Theorem mainTheorem2 (B : Type) (TB : topology B) (n q : nat)
  (U : nat -> B -> Prop) (phi : nat -> B -> R) (eta : nat -> nat -> Zq q) :
  is_topology TB ->
  (0 < q)%nat ->
  (* U_0,...,U_{n-1} is an open cover of B *)
  (forall j, (j < n)%nat -> TB (U j)) ->
  (forall b, exists j, (j < n)%nat /\ U j b) ->
  (* partition of unity dominated by the cover *)
  (forall j, (j < n)%nat -> continuous TB R_top (phi j)) ->
  (forall j b, (j < n)%nat -> 0 <= phi j b <= 1) ->
  (forall b, rsum n (fun j => phi j b) = 1) ->
  (forall j b, (j < n)%nat -> ~ U j b -> phi j b = 0) ->
  (* eta is a Z_q-valued 1-cocycle on the nerve *)
  is_cocycle n q U eta ->
  exists f : B -> Lens n q,
    (* f is well defined: on each U_j it is given by the chart formula *)
    (forall b j, (j < n)%nat -> U j b ->
       exists z : Sphere n, proj1_sig z = chart_vec n q U phi eta j b /\
                            f b = lens_p n q z) /\
    continuous TB (lens_top n q) f /\
    (* P_eta is isomorphic to f^*(S^{2n-1}) *)
    iso_to_pullback TB (peta_top TB n q U eta) peta_proj peta_act
      (sphere_top n) sph_act (lens_p n q) f /\
    (* hence also to (i o f)^*(S^infty), i : L^n_q -> L^infty_q *)
    iso_to_pullback TB (peta_top TB n q U eta) peta_proj peta_act
      sphinf_top sphinf_act (lensinf_p q) (fun b => lens_incl (f b)).
Proof.
  intros HT Hq HU Hcov Hcont Hrange Hsum Hout Hcoc.
  exists (lens_map B n q U phi eta Hcov Hrange Hsum Hout).
  split; [apply lens_map_chart; assumption|].
  split; [apply lens_map_continuous; assumption|].
  split; [apply lens_map_classifies; assumption|].
  apply lens_incl_map_classifies; assumption.
Qed.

____

* [Your instructions]:
When you reach the end of the data, retype all of it exactly.

* [Response area]:
Theorem mainTheorem2 (B : Type) (TB : topology B) (n q : nat)
  (U : nat -> B -> Prop) (phi : nat -> B -> R) (eta : nat -> nat -> Zq q) :
  is_topology TB ->
  (0 < q)%nat ->
  (* U_0,...,U_{n-1} is an open cover of B *)
  (forall j, (j < n)%nat -> TB (U j)) ->
  (forall b, exists j, (j < n)%nat /\ U j b) ->
  (* partition of unity dominated by the cover *)
  (forall j, (j < n)%nat -> continuous TB R_top (phi j)) ->
  (forall j b, (j < n)%nat -> 0 <= phi j b <= 1) ->
  (forall b, rsum n (fun j => phi j b) = 1) ->
  (forall j b, (j < n)%nat -> ~ U j b -> phi j b = 0) ->
  (* eta is a Z_q-valued 1-cocycle on the nerve *)
  is_cocycle n q U eta ->
  exists f : B -> Lens n q,
    (* f is well defined: on each U_j it is given by the chart formula *)
    (forall b j, (j < n)%nat -> U j b ->
       exists z : Sphere n, proj1_sig z = chart_vec n q U phi eta j b /\
                            f b = lens_p n q z) /\
    continuous TB (lens_top n q) f /\
    (* P_eta is isomorphic to f^*(S^{2n-1}) *)
    iso_to_pullback TB (peta_top TB n q U eta) peta_proj peta_act
      (sphere_top n) sph_act (lens_p n q) f /\
    (* hence also to (i o f)^*(S^infty), i : L^n_q -> L^infty_q *)
    iso_to_pullback TB (peta_top TB n q U eta) peta_proj peta_act
      sphinf_top sphinf_act (lensinf_p q) (fun b => lens_incl (f b)).
Proof.
  intros HT Hq HU Hcov Hcont Hrange Hsum Hout Hcoc.
  exists (lens_map B n q U phi eta Hcov Hrange Hsum Hout).
  split; [apply lens_map_chart; assumption|].
  split; [apply lens_map_continuous; assumption|].
  split; [apply lens_map_classifies; assumption|].
  apply lens_incl_map_classifies; assumption.
Qed.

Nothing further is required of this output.